The concept of the sensory-inscribed body is a key aspect in Farman’s Chapter. Drawing directly from theories developed by Merleau-Ponty, it claims that our senses extend the limits of the body, providing experience and knowledge of the world. Additionally, Mearleau-Ponty’s theories of phenomenology, which we have examined in class already, along with the notion of the mind-body duality, are critical as well. These theories regarding the ways we use the body is interrelated with the idea of intersubjectivity for Farman, which argues that people can acknowledge one another’s embodiment, but will never be able to fully understand it based on their own subjectivity.
Discussed above, the embodiment of virtual and physical spaces are interrelated in daily routines and practices. For example, the practice of checking-in on Facebook provides a combination of inhabiting virtual and physical spaces simultaneously. This use of technology and embodiment is linked to notions of the cognitive awareness and unconscious. Farman states, most of what we know in the world comes at the level of unconsciousness. We are not always aware of our individual body parts, instead these recede from perception in the way we acknowledge the body as a whole. Similarly, the use of technology becomes extensions of the body, which we can be unconscious of. Lastly, Farman explains that embodiment is a constant process of reading the world, with meaning being taken as we read bodies and spaces. Culturally inscribed, bodies, technology and space are constantly being read, interpreted and understood in terms of culture that surrounds us. This continues between the virtual and physical spaces, where the body and space act as signifiers, constantly interpreted.

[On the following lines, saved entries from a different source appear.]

(* Let $\mathcal{H}$ be a Hilbert space of finite dimension $d\geq 2$ with orthonormal basis $\{\phi_k\}_{k=1}^d$, and let $\mathcal{I}$ be the instrument on $\Omega=\{0,1\}$ given by $\mathcal{I}_\omega(T)=L_\omega^*TL_\omega$ with $L_0=|\phi_d\rangle\langle\phi_d|$ and $L_1=\sum_{k=1}^{d-1}|\phi_{k+1}\rangle\langle\phi_k|$. Then $\mathsf{A}^\mathcal{I}_1\prec\mathsf{A}^\mathcal{I}_2\prec\cdots\prec\mathsf{A}^\mathcal{I}_{d-1}\simeq\mathsf{A}^\mathcal{I}_d\simeq\cdots$, and hence $\mathrm{sat}(\mathcal{I})=d-1$.
   Context: For finite-outcome observables (maps into positive operators summing to $\mathbb{1}$), $\mathsf{A}\preceq\mathsf{B}$ means there is $\kappa:\Omega_\mathsf{A}\times\Omega_\mathsf{B}\to[0,1]$ with $\sum_\omega\kappa(\omega|\omega')=1$ and $\mathsf{A}(\omega)=\sum_{\omega'}\kappa(\omega|\omega')\mathsf{B}(\omega')$; $\mathsf{A}\simeq\mathsf{B}$ means both directions hold; $\mathsf{A}\prec\mathsf{B}$ means $\mathsf{A}\preceq\mathsf{B}$ but not $\mathsf{B}\preceq\mathsf{A}$. $\mathsf{A}^\mathcal{I}_n(\omega_1,\ldots,\omega_n)=\mathcal{I}_{\omega_1}\circ\cdots\circ\mathcal{I}_{\omega_n}(\mathbb{1})$ on $\Omega^n$. The saturation step $\mathrm{sat}(\mathcal{I})$ is the smallest positive integer $n$ with $\mathsf{A}^\mathcal{I}_n\simeq\mathsf{A}^\mathcal{I}_{n+1}$ ($\infty$ if none). *)

From HB Require Import structures.
From mathcomp Require Import all_boot all_order all_algebra.
Set Implicit Arguments. Unset Strict Implicit. Unset Printing Implicit Defensive.
Import Order.TTheory GRing.Theory Num.Theory.
Local Open Scope ring_scope.

Section Defs.
Variable C : numClosedFieldType.

Definition adj (m n : nat) (M : 'M[C]_(m, n)) : 'M[C]_(n, m) := (map_mx Num.conj M)^T.

Definition postproc (d : nat) (TA TB : finType)
    (A : TA -> 'M[C]_d) (B : TB -> 'M[C]_d) : Prop :=
  exists kappa : TA -> TB -> C,
    [/\ (forall a b, 0 <= kappa a b <= 1),
        (forall b, \sum_a kappa a b = 1) &
        (forall a, A a = \sum_b kappa a b *: B b)].

Definition obs_equiv d (TA TB : finType) (A : TA -> 'M[C]_d) (B : TB -> 'M[C]_d) :=
  postproc A B /\ postproc B A.

Definition obs_strict d (TA TB : finType) (A : TA -> 'M[C]_d) (B : TB -> 'M[C]_d) :=
  postproc A B /\ ~ postproc B A.

Definition seq_obs d (Om : finType) (I : Om -> 'M[C]_d -> 'M[C]_d) (n : nat)
    (w : n.-tuple Om) : 'M[C]_d :=
  foldr (fun o T => I o T) 1%:M (val w).
Arguments seq_obs {d Om} I n w.


Definition is_sat d (Om : finType) (I : Om -> 'M[C]_d -> 'M[C]_d) (n : nat) : Prop :=
  [/\ 0 < n,
      obs_equiv (seq_obs I n) (seq_obs I n.+1) &
      forall m, 0 < m -> obs_equiv (seq_obs I m) (seq_obs I m.+1) -> n <= m]%N.

Definition kraus_instr d (Om : finType) (L : Om -> 'M[C]_d) (w : Om) (T : 'M[C]_d) :=
  adj (L w) *m T *m L w.

(* standard basis vector e_k (0-based) and phi_k = U e_k *)
Definition std_vec d (k : nat) : 'cV[C]_d := \col_(i < d) ((i : nat) == k)%:R.
End Defs.
Arguments std_vec C d k : clear implicits.

Arguments seq_obs {C d Om} I n w.

From HB Require Import structures.
From mathcomp Require Import all_boot all_order all_algebra.
From mathcomp Require Import zify.
Import Order.TTheory GRing.Theory Num.Theory.
Local Open Scope ring_scope.
Set Implicit Arguments. Unset Strict Implicit.

(* Conjugating by U reduces everything to the standard basis, where L_1 is the
   truncated shift e_k |-> e_(k+1) and L_0 the projection onto e_(d-1).  Every
   A_n is then diagonal: A_n(w) projects onto the e_k whose outcome word
   1^t 0^(n-t), with t = min(n, d-1-k), equals w.  Diagonal observables are
   post-processings of each other exactly when the labellings of the basis
   factor through each other, so A_n <= A_(n+1) always, while A_(n+1) <= A_n
   iff min(n, .) determines min(n+1, .) on {0, ..., d-1}, i.e. iff n >= d-1. *)

Section Adjoint.
Variable C : numClosedFieldType.

Lemma adjM p q r (A : 'M[C]_(p, q)) (B : 'M[C]_(q, r)) : adj (A *m B) = adj B *m adj A.
Proof. by rewrite /adj map_mxM trmx_mul. Qed.

Lemma adjK p q (A : 'M[C]_(p, q)) : adj (adj A) = A.
Proof. by apply/matrixP => i j; rewrite !mxE conjCK. Qed.

End Adjoint.

Section Postprocessing.
Variable C : numClosedFieldType.

Lemma eq_postproc n (TA TB : finType) (A A' : TA -> 'M[C]_n) (B B' : TB -> 'M[C]_n) :
  A =1 A' -> B =1 B' -> postproc A B -> postproc A' B'.
Proof.
move=> eqA eqB [k [k01 k_sum defA]]; exists k; split => // a.
by rewrite -eqA defA; apply: eq_bigr => b _; rewrite eqB.
Qed.

Lemma postproc_mul n (TA TB : finType) (A : TA -> 'M[C]_n) (B : TB -> 'M[C]_n) (P Q : 'M[C]_n) :
  postproc A B -> postproc (fun a => P *m A a *m Q) (fun b => P *m B b *m Q).
Proof.
move=> [k [k01 k_sum defA]]; exists k; split => // a.
rewrite defA mulmx_sumr mulmx_suml; apply: eq_bigr => b _.
by rewrite -scalemxAr -scalemxAl.
Qed.

Lemma postproc_unitary_conjE n (TA TB : finType) (A : TA -> 'M[C]_n) (B : TB -> 'M[C]_n)
    (U : 'M[C]_n) :
  adj U *m U = 1%:M ->
  postproc (fun a => U *m A a *m adj U) (fun b => U *m B b *m adj U) <-> postproc A B.
Proof.
move=> unitU; split; last exact: postproc_mul.
have UK M : adj U *m (U *m M *m adj U) *m U = M.
  by rewrite !mulmxA unitU mul1mx -mulmxA unitU mulmx1.
by move/(postproc_mul (adj U) U); apply: eq_postproc => a; rewrite UK.
Qed.

Lemma seq_obs_unitary_conj n (Om : finType) (U : 'M[C]_n) (K L : Om -> 'M[C]_n) :
  adj U *m U = 1%:M -> (forall o, L o = U *m K o *m adj U) ->
  forall k (w : k.-tuple Om),
  seq_obs (kraus_instr L) k w = U *m seq_obs (kraus_instr K) k w *m adj U.
Proof.
move=> unitU defL k w; rewrite /seq_obs; elim: (val w) => [|o s IHs] /=.
  by rewrite mulmx1 mulmx1C.
by rewrite IHs /kraus_instr defL !adjM adjK !mulmxA -!(mulmxA _ (adj U) U) unitU !mulmx1.
Qed.

End Postprocessing.

Lemma ord2_cases (o : 'I_2) : o = 0 \/ o = 1.
Proof. by case: o => -[|[|]] // lt_o2; [left | right]; apply: val_inj. Qed.

Section LabelObservables.
Variable C : numClosedFieldType.

Lemma sum_nat_eq n c (q : pred nat) :
  \sum_(b < n) ((b == c :> nat) && q b)%:R = ((c < n)%N && q c)%:R :> C.
Proof.
rewrite (eq_bigr (fun b : 'I_n => if q b && (b == c :> nat) then 1 else 0)).
  by rewrite -big_mkcond (big_ord1_cond_eq +%R (fun=> 1)); case: ifP.
by move=> b _; rewrite andbC; case: ifP.
Qed.

Definition pred_mx n (p : pred nat) : 'M[C]_n := \matrix_(i, j) ((i == j) && p i)%:R.

Lemma eq_pred_mx n (p q : pred nat) :
  (forall k, (k < n)%N -> p k = q k) -> pred_mx n p = pred_mx n q.
Proof. by move=> eq_pq; apply/matrixP => i j; rewrite !mxE eq_pq. Qed.

Definition label_obs n (T : finType) (f : nat -> T) (a : T) : 'M[C]_n :=
  pred_mx n (fun k => f k == a).

Lemma sum_scale_label_obsE n (T : finType) (f : nat -> T) (k : T -> C) (i j : 'I_n) :
  (\sum_b k b *: label_obs n f b) i j = (i == j)%:R * k (f i).
Proof.
rewrite summxE; under eq_bigr => b _ do rewrite !mxE.
have [_|_] /= := eqVneq i j; last by rewrite mul0r big1 // => b _; rewrite mulr0.
rewrite mul1r (bigD1 (f i)) //= eqxx mulr1 big1 ?addr0 // => b.
by rewrite eq_sym => /negbTE ->; rewrite mulr0.
Qed.

Lemma postproc_label_obsP n (TA TB : finType) (fA : nat -> TA) (fB : nat -> TB) :
  postproc (label_obs n.+1 fA) (label_obs n.+1 fB) <->
  (forall i j, (i <= n)%N -> (j <= n)%N -> fB i = fB j -> fA i = fA j).
Proof.
split=> [[k [_ _ defA]] i j le_in le_jn eqB | factorB].
  have diagA x : (x <= n)%N -> forall a, (fA x == a)%:R = k a (fB x).
    move=> le_xn a; have {}le_xn : (x < n.+1)%N by [].
    have := congr1 (fun M : 'M[C]_n.+1 => M (Ordinal le_xn) (Ordinal le_xn)) (defA a).
    by rewrite /= sum_scale_label_obsE !mxE !eqxx mul1r.
  have := diagA i le_in (fA i); rewrite eqxx eqB -diagA //.
  by case: eqP => // _ /eqP; rewrite oner_eq0.
pose g b := if [pick i : 'I_n.+1 | fB i == b] is Some i then fA i else fA 0.
have gB i : (i <= n)%N -> g (fB i) = fA i.
  move=> le_in; rewrite /g; case: pickP => [i' /eqP|/(_ (Ordinal (le_in : (i < n.+1)%N)))].
    exact: factorB (ltn_ord i') le_in.
  by rewrite eqxx.
exists (fun a b => (g b == a)%:R); split.
- by move=> a b; case: eqP; rewrite ?ler01 lexx.
- move=> b; rewrite (bigD1 (g b)) //= eqxx big1 ?addr0 // => a.
  by rewrite eq_sym => /negbTE ->.
- move=> a; apply/matrixP => i j.
  by rewrite sum_scale_label_obsE !mxE (gB _ (ltn_ord i)) -natrM mulnb.
Qed.

Lemma kraus_pred_mxE n (L : 'M[C]_n) (r : rel nat) (p : pred nat) :
  (forall a b : 'I_n, L a b = (r a b)%:R) -> forall i j : 'I_n,
  (adj L *m pred_mx n p *m L) i j = \sum_(b < n) ((r b i && p b) && r b j)%:R.
Proof.
move=> defL i j; rewrite mxE; apply: eq_bigr => b _.
rewrite mxE (bigD1 b) //= big1 => [|a neq_ab].
  by rewrite addr0 !mxE !defL eqxx rmorph_nat -!natrM !mulnb.
by rewrite [pred_mx _ _ _ _]mxE (negbTE neq_ab) mulr0.
Qed.

End LabelObservables.

Section ShiftInstrument.
Variables (C : numClosedFieldType) (m : nat).
Local Notation N := m.+1.
Local Notation e k := (std_vec C N k).

Definition shift_kraus (o : 'I_2) : 'M[C]_N :=
  \matrix_(i, j) (if o == 0 then (i == m :> nat) && (j == m :> nat) else i == j.+1 :> nat)%:R.

Lemma std_vec_adjE k l (i j : 'I_N) :
  (e k *m adj (e l)) i j = ((i == k :> nat) && (j == l :> nat))%:R.
Proof. by rewrite !mxE big_ord1 !mxE rmorph_nat -natrM mulnb. Qed.

Lemma shift_kraus0E : e m *m adj (e m) = shift_kraus 0.
Proof. by apply/matrixP => i j; rewrite std_vec_adjE mxE. Qed.

Lemma shift_kraus1E : \sum_(0 <= k < m) e k.+1 *m adj (e k) = shift_kraus 1.
Proof.
apply/matrixP => i j; rewrite summxE big_mkord mxE /=.
under eq_bigr => k _ do rewrite std_vec_adjE andbC (eq_sym (nat_of_ord j)).
rewrite (sum_nat_eq _ _ _ (fun k => nat_of_ord i == k.+1)); case: ltnP => //= le_mj.
have -> : (j : nat) = m by apply/eqP; rewrite eqn_leq le_mj -ltnS ltn_ord.
by case: eqP => // eq_i; move: (ltn_ord i); rewrite eq_i ltnn.
Qed.

Lemma shift_kraus0_pred_mx (p : pred nat) :
  kraus_instr shift_kraus 0 (pred_mx C N p) = pred_mx C N (fun k => (k == m) && p k).
Proof.
apply/matrixP => i j; rewrite /kraus_instr.
rewrite (@kraus_pred_mxE _ _ _ (fun a b => (a == m) && (b == m))) => [|a b]; last by rewrite mxE.
rewrite mxE.
transitivity (\sum_(b < N) ((b == m :> nat) && ((i == m :> nat) && p b && (j == m :> nat)))%:R : C).
  by apply: eq_bigr => b _; case: (_ == m).
rewrite (sum_nat_eq _ _ _ (fun b => (i == m :> nat) && p b && (j == m :> nat))) ltnSn /=.
congr (_%:R).
have [eq_im|] := eqVneq (i : nat) m; last by rewrite !andbF.
by rewrite -val_eqE /= eq_im eq_sym andbC.
Qed.

Lemma shift_kraus1_pred_mx (p : pred nat) :
  kraus_instr shift_kraus 1 (pred_mx C N p) = pred_mx C N (fun k => (k < m)%N && p k.+1).
Proof.
apply/matrixP => i j; rewrite /kraus_instr.
rewrite (@kraus_pred_mxE _ _ _ (fun a b => a == b.+1)) => [|a b]; last by rewrite mxE.
rewrite mxE; under eq_bigr => b _ do rewrite -andbA.
rewrite (sum_nat_eq _ _ _ (fun b => p b && (b == j.+1))) ltnS eqSS -val_eqE /=.
by congr (nat_of_bool _)%:R; apply/idP/idP => /and3P[? ? ?]; apply/and3P.
Qed.

(* The outcome word read off from e_k: the shift fires until e_m is reached,
   after which only L_0 acts. *)
Definition shift_word n k : seq 'I_2 :=
  nseq (minn n (m - k)) 1 ++ nseq (n - minn n (m - k)) 0.

Lemma size_shift_word n k : size (shift_word n k) = n.
Proof. by rewrite size_cat !size_nseq subnKC // geq_minl. Qed.

Lemma shift_wordS n k : (k <= m)%N ->
  shift_word n.+1 k = if (k < m)%N then 1 :: shift_word n k.+1 else 0 :: shift_word n k.
Proof.
move=> le_km; rewrite /shift_word; case: ltnP => [lt_km|le_mk].
  by rewrite -subnSK // minnSS subSS.
have -> : (m - k = 0)%N by apply/eqP; rewrite subn_eq0.
by rewrite !minn0 !subn0.
Qed.

Lemma shift_word_eq n i j :
  shift_word n i = shift_word n j <-> minn n (m - i) = minn n (m - j).
Proof.
split=> [|eq_min]; last by rewrite /shift_word eq_min.
move/(congr1 (count_mem 1)); rewrite !count_cat !count_nseq /=.
by rewrite !mul1n !mul0n !addn0.
Qed.

Lemma foldr_shift_kraus (s : seq 'I_2) :
  foldr (kraus_instr shift_kraus) 1%:M s = pred_mx C N (fun k => s == shift_word (size s) k).
Proof.
elim: s => [|o s IHs] /=.
  by apply/matrixP => i j; rewrite !mxE /shift_word min0n eqxx andbT.
rewrite IHs; case: (ord2_cases o) => ->; [rewrite shift_kraus0_pred_mx | rewrite shift_kraus1_pred_mx];
  apply: eq_pred_mx => k lt_kN; rewrite shift_wordS //;
  case: ltnP => [lt_km|le_mk]; rewrite eqseq_cons //=.
- by rewrite ltn_eqF.
- by rewrite (_ : k = m) ?eqxx //; apply/eqP; rewrite eqn_leq le_mk -ltnS lt_kN.
Qed.

Definition shift_tuple n k : n.-tuple 'I_2 := Tuple (introT eqP (size_shift_word n k)).

Lemma shift_tuple_eq n i j :
  shift_tuple n i = shift_tuple n j <-> minn n (m - i) = minn n (m - j).
Proof.
by split=> [/(congr1 val)/shift_word_eq|/shift_word_eq eq_ij] //; apply: val_inj.
Qed.

Lemma seq_obs_shift_kraus n (w : n.-tuple 'I_2) :
  seq_obs (kraus_instr shift_kraus) n w = label_obs C N (shift_tuple n) w.
Proof.
rewrite /seq_obs foldr_shift_kraus size_tuple; apply: eq_pred_mx => k _.
by rewrite -val_eqE eq_sym.
Qed.

Section ConjugatedShift.
Variables (U : 'M[C]_N) (L : 'I_2 -> 'M[C]_N).
Hypotheses (unitU : adj U *m U = 1%:M) (defL : forall o, L o = U *m shift_kraus o *m adj U).
Local Notation A n := (seq_obs (kraus_instr L) n).

Lemma postproc_shift_seq_obsE n n' :
  postproc (A n) (A n') <->
  (forall i j, (i <= m)%N -> (j <= m)%N ->
     minn n' (m - i) = minn n' (m - j) -> minn n (m - i) = minn n (m - j)).
Proof.
have defA k : A k =1 (fun w => U *m label_obs C N (shift_tuple k) w *m adj U).
  by move=> w; rewrite (seq_obs_unitary_conj unitU defL) seq_obs_shift_kraus.
split=> [|factor].
  move/(eq_postproc (defA n) (defA n'))/(postproc_unitary_conjE _ _ unitU)/postproc_label_obsP.
  by move=> factor i j le_im le_jm /shift_tuple_eq/(factor i j le_im le_jm)/shift_tuple_eq.
apply: (eq_postproc (fsym (defA n)) (fsym (defA n'))).
apply/(postproc_unitary_conjE _ _ unitU)/postproc_label_obsP.
by move=> i j le_im le_jm /shift_tuple_eq/(factor i j le_im le_jm)/shift_tuple_eq.
Qed.

Lemma shift_seq_obs_mono n : postproc (A n) (A n.+1).
Proof. by apply/postproc_shift_seq_obsE => i j _ _; lia. Qed.

Lemma shift_seq_obs_strict n : (n < m)%N -> ~ postproc (A n.+1) (A n).
Proof.
move=> lt_nm /postproc_shift_seq_obsE /(_ 0 (m - n)%N (leq0n m) (leq_subr n m)).
lia.
Qed.

Lemma shift_seq_obs_stable n : (m <= n)%N -> postproc (A n.+1) (A n).
Proof. by move=> le_mn; apply/postproc_shift_seq_obsE => i j le_im le_jm; lia. Qed.

End ConjugatedShift.

Lemma basis_shift_krausE (U : 'M[C]_N) (o : 'I_2) :
  (if o == 0 then U *m e m *m adj (U *m e m)
   else \sum_(0 <= k < m) U *m e k.+1 *m adj (U *m e k)) = U *m shift_kraus o *m adj U.
Proof.
have conjE k l : U *m e k *m adj (U *m e l) = U *m (e k *m adj (e l)) *m adj U.
  by rewrite adjM !mulmxA.
case: (ord2_cases o) => ->; first by rewrite eqxx conjE shift_kraus0E.
under eq_bigr => k _ do rewrite conjE.
by rewrite -mulmx_suml -mulmx_sumr shift_kraus1E.
Qed.

End ShiftInstrument.

Theorem mainTheorem6 (C : numClosedFieldType) (d : nat) (hd : (2 <= d)%N)
    (U : 'M[C]_d) (hU : adj U *m U = 1%:M) :
  let phi := fun k : nat => U *m std_vec C d k in
  let L := fun w : 'I_2 =>
    if w == 0 then phi d.-1 *m adj (phi d.-1)
    else \sum_(0 <= k < d.-1) phi k.+1 *m adj (phi k) in
  let I := kraus_instr L in
  (forall n, (1 <= n)%N -> (n < d.-1)%N ->
     obs_strict (seq_obs I n) (seq_obs I n.+1)) /\
  (forall n, (d.-1 <= n)%N -> obs_equiv (seq_obs I n) (seq_obs I n.+1)) /\
  is_sat I d.-1.
Proof.
case: d hd U hU => [|m] // lt1m U unitU phi L I /=.
have defL o : L o = U *m shift_kraus C m o *m adj U by exact: basis_shift_krausE.
have mono := shift_seq_obs_mono unitU defL.
have strict := shift_seq_obs_strict unitU defL.
have stable := shift_seq_obs_stable unitU defL.
split; [|split].
- by move=> n _ lt_nm; split; [exact: mono | exact: strict].
- by move=> n le_mn; split; [exact: mono | exact: stable].
- split=> //; first by split; [exact: mono | exact: stable].
  by move=> k _ [_ stable_k]; rewrite leqNgt; apply/negP => /strict; apply.
Qed.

Art is older than documented history; humankind has always found ways to express itself artistically to reflect on its current perception of the universe. Available technology has been a critical factor in that expression. With the emergence of new digital and satellite technologies in the 21st century, new artistic practices have been created, by applying technology available at the time. Locative Art uses digital technologies in alternative ways to embody space, and enhance the way we view space. According to Hemment, there are three categories of locative art, mapping, geo-annotation, and ambulant. Within each of these categories, sub categories reflect how the technology is applied, from documenting perceived reality to expressing issues and feelings to collaboration and social advocacy.
With civilization came division of labour; ‘artist’ became a specific role and art became, to the ruling classes at least, a commodity. With this form of technology-enabled art, there has been a democratizing of the process and a breakdown of the exclusivity of the role of artist. Consequently, there is a blurring of the lines as to what is considered art and whom the artists/producers are; actually, anyone can become an artist/producer. Art has been liberated from the galleries and become part of everyday life to people who were once excluded from the process.
Dan Bevc, Rory Warnock & Samuel Schmidt
- In your personal experience participating in physical and virtual spaces, do you find yourself aware of your embodied movement in these spaces? Or, do you find yourself unconscious in the way your daily routines and media use affect how you embody these types of overlapping spaces?
- With contemporary media, the role of the artist is becoming less specific. Due to the ubiquity of smartphones with GPS capabilities, is it possible to consider all smartphone users as artists or potential artists? Can one’s daily routines with their phones be considered locative art, or must it be a more conscious and contemplative process?